Breitenbach

Da fehlt doch noch was? 200 Meter Laufbahn und 230'000 Franken bis zum Ziel

Da fehlt doch noch was? Breitenbach soll endlich eine 400-Meter-Rundbahn erhalten.

Da fehlt doch noch was? Breitenbach soll endlich eine 400-Meter-Rundbahn erhalten.

Die Leichtathletikanlage in Breitenbach soll für alle Zehnkampf-Disziplinen ausgebaut werden. Noch fehlt Geld für das Millionenprojekt.

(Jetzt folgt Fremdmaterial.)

(* The coefficient of P(t) at (k, g) is a signed sum, over permutations f and
   factorisations g = x_1 ... x_r, of coordinates of twisted tensors
   (m_(f j) x_j^-1)_j.  Since G is abelian, moving a group element from one
   slot to another only reshuffles the factorisations of g; hence P kills the
   Z[G]-balancing relations (and, being an antisymmetrisation, the alternating
   ones), commutes with the G-action, and satisfies c_s = s in every slot.

   The coefficient of P(t) at (k, g) is (phi_1 /\ ... /\ phi_r)(t)(g) for the
   coordinate homomorphisms phi_a(m) = sum_s (m s^-1)_(k_a) [s], and every
   Z[G]-homomorphism M -> Z[G] is an integral combination of these; so t lies
   in Rubin's lattice iff P(t) is integral.

   Finally y |-> y(_, 1) / (r! |G|^(r-1)) inverts P up to relations.  Modulo
   the relations each summand of P(t) at (_, 1) equals t (gather the group
   elements, whose product is 1, into one slot, then undo the permutation):
   this gives injectivity.  Conversely, for y in (M,G)^r_star, antisymmetry
   and c_s y = s y turn each summand of P of the average of y back into y. *)

From HB Require Import structures.
From mathcomp Require Import all_boot all_order all_fingroup all_algebra.
From mathcomp Require Import ring lra.
Set Implicit Arguments. Unset Strict Implicit. Unset Printing Implicit Defensive.
Import Order.TTheory GRing.Theory Num.Theory.
Local Open Scope ring_scope.

Section AbelianGroup.
Variable gT : finGroupType.
Hypothesis mulgC : commutative (@mulg gT).

HB.instance Definition _ := Monoid.isComLaw.Build gT 1%g mulg (@mulgA gT) mulgC (@mul1g gT).

Section Factorisations.
Variable r : nat.
Local Notation gtuple := {ffun 'I_r -> gT}.

Definition kill_slot (j : 'I_r) (x : gtuple) : gtuple :=
  [ffun i => if i == j then 1%g else x i].

Definition shift_slot (j : 'I_r) (s : gT) (x : gtuple) : gtuple :=
  [ffun i => if i == j then (x i * s)%g else x i].

Definition fibre_card (g : gT) : nat := #|[set x : gtuple | (\prod_j x j == g)%g]|.

Lemma prod_kill_slot (j : 'I_r) (x : gtuple) : (\prod_i x i = \prod_i kill_slot j x i * x j)%g.
Proof.
rewrite (bigD1 j) // [X in (_ = X * _)%g](bigD1 j) //= ffunE eqxx mul1g mulgC.
by congr (_ * _)%g; apply: eq_bigr => i /negbTE ij; rewrite ffunE ij.
Qed.

Lemma prod_shift_slot (j : 'I_r) (s : gT) (x : gtuple) : (\prod_i shift_slot j s x i = (\prod_i x i) * s)%g.
Proof.
rewrite (bigD1 j) // [X in (_ = X * _)%g](bigD1 j) //= ffunE eqxx.
rewrite -!mulgA [(s * _)%g]mulgC; congr (_ * (_ * _))%g.
by apply: eq_bigr => i /negbTE ij; rewrite ffunE ij.
Qed.

Lemma shift_slotK (j : 'I_r) (s : gT) : cancel (shift_slot j s) (shift_slot j s^-1).
Proof. by move=> x; apply/ffunP=> i; rewrite !ffunE; case: ifP => ij; rewrite ?ij ?mulgK. Qed.

Lemma sum_shift_slot (R : nmodType) (F : gtuple -> R) (j : 'I_r) (s g : gT) :
  \sum_(x : gtuple | (\prod_i x i == g)%g) F (shift_slot j s x) =
  \sum_(x : gtuple | (\prod_i x i == g * s)%g) F x.
Proof.
have shift_bij : bijective (shift_slot j s).
  by exists (shift_slot j s^-1); [apply: shift_slotK | rewrite -{2}[s]invgK; apply: shift_slotK].
rewrite [RHS](reindex _ (onW_bij _ shift_bij)).
by apply: eq_bigl => x; rewrite prod_shift_slot (inj_eq (mulIg s)).
Qed.

Lemma sum_fibre_const (R : nmodType) (c : R) (g : gT) :
  \sum_(x : gtuple | (\prod_i x i == g)%g) c = c *+ fibre_card g.
Proof. by rewrite -sumr_const; apply: eq_bigl => x; rewrite inE. Qed.

Lemma fibre_card_const (j : 'I_r) (g : gT) : fibre_card g = fibre_card 1.
Proof.
apply/eqP; rewrite -(@eqr_nat rat) -!sum_fibre_const; apply/eqP.
by have := sum_shift_slot (fun _ => 1 : rat) j g 1; rewrite mul1g => <-.
Qed.

Lemma fibre_card1_gt0 : (0 < fibre_card 1)%N.
Proof. by apply/card_gt0P; exists [ffun => 1%g]; rewrite inE big1 // => i _; rewrite ffunE. Qed.

Lemma kill_slot_ind (Q : pred 'I_r) (P : gtuple -> Prop) :
  (forall x : gtuple, (forall j, Q j -> x j = 1%g) -> P x) ->
  (forall (x : gtuple) j, Q j -> P (kill_slot j x) -> P x) ->
  forall x : gtuple, P x.
Proof.
move=> Pbase Pstep x; pose S (x : gtuple) := [set j | Q j && (x j != 1%g)].
have [m] := ubnP #|S x|; elim: m x => // m IH x.
case: (set_0Vmem (S x)) => [S0 | [j Sj]] ltSm.
  apply: Pbase => j Qj; apply/eqP; apply: contraT => xj.
  have : j \in S x by rewrite inE Qj.
  by rewrite S0 inE.
move: (Sj); rewrite inE => /andP[Qj _]; apply: (Pstep _ j Qj); apply: IH.
have -> : S (kill_slot j x) = S x :\ j.
  by apply/setP => i; rewrite !inE ffunE; case: (eqVneq i j) => [->|]; rewrite ?eqxx ?andbF.
by rewrite (cardsD1 j) Sj in ltSm.
Qed.

End Factorisations.

Section Lattice.
Variables (n r : nat) (rho : gT -> 'M[int]_n).
Hypothesis rho_rep : is_lattice_rep rho.

Local Notation tidx := {ffun 'I_r -> 'I_n}.
Local Notation tens := {ffun tidx -> rat}.
Local Notation gtens := {ffun tidx * gT -> rat}.
Local Notation gtuple := {ffun 'I_r -> gT}.
Local Notation rq := (rhoQ rho).
Local Notation set_slot k i l := (finfun (fun j => if j == i then l else k j)).

Lemma rhoQ1 : rq 1%g = 1%:M.
Proof. by case: rho_rep => rho1 _; apply/matrixP=> i j; rewrite /rhoQ rho1 !mxE; case: (i == j). Qed.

200 Meter können Läufer auf der Rundbahn der Leichtathletikanlage Breitenbach zurücklegen – dann endet die Bahn bereits im Grünen. Das soll sich bald ändern. Das Leichtathletikzentrum Thierstein (LZT) will die Anlage ausbauen und damit die Trainingsbedingungen und sportlichen Perspektiven für die Athleten verbessern.

Neben einer Verlängerung der Rundbahn auf 400 Meter soll die Weitsprunganlage versetzt sowie eine Diskus- und Stabhochsprunganlage erstellt werden. Zusätzlich soll um die Rundbahn ein Zuschauerweg entstehen. Ziel ist, dass sämtliche Disziplinen des Zehnkampfes trainiert und wettkampfmässig ausgeübt werden können.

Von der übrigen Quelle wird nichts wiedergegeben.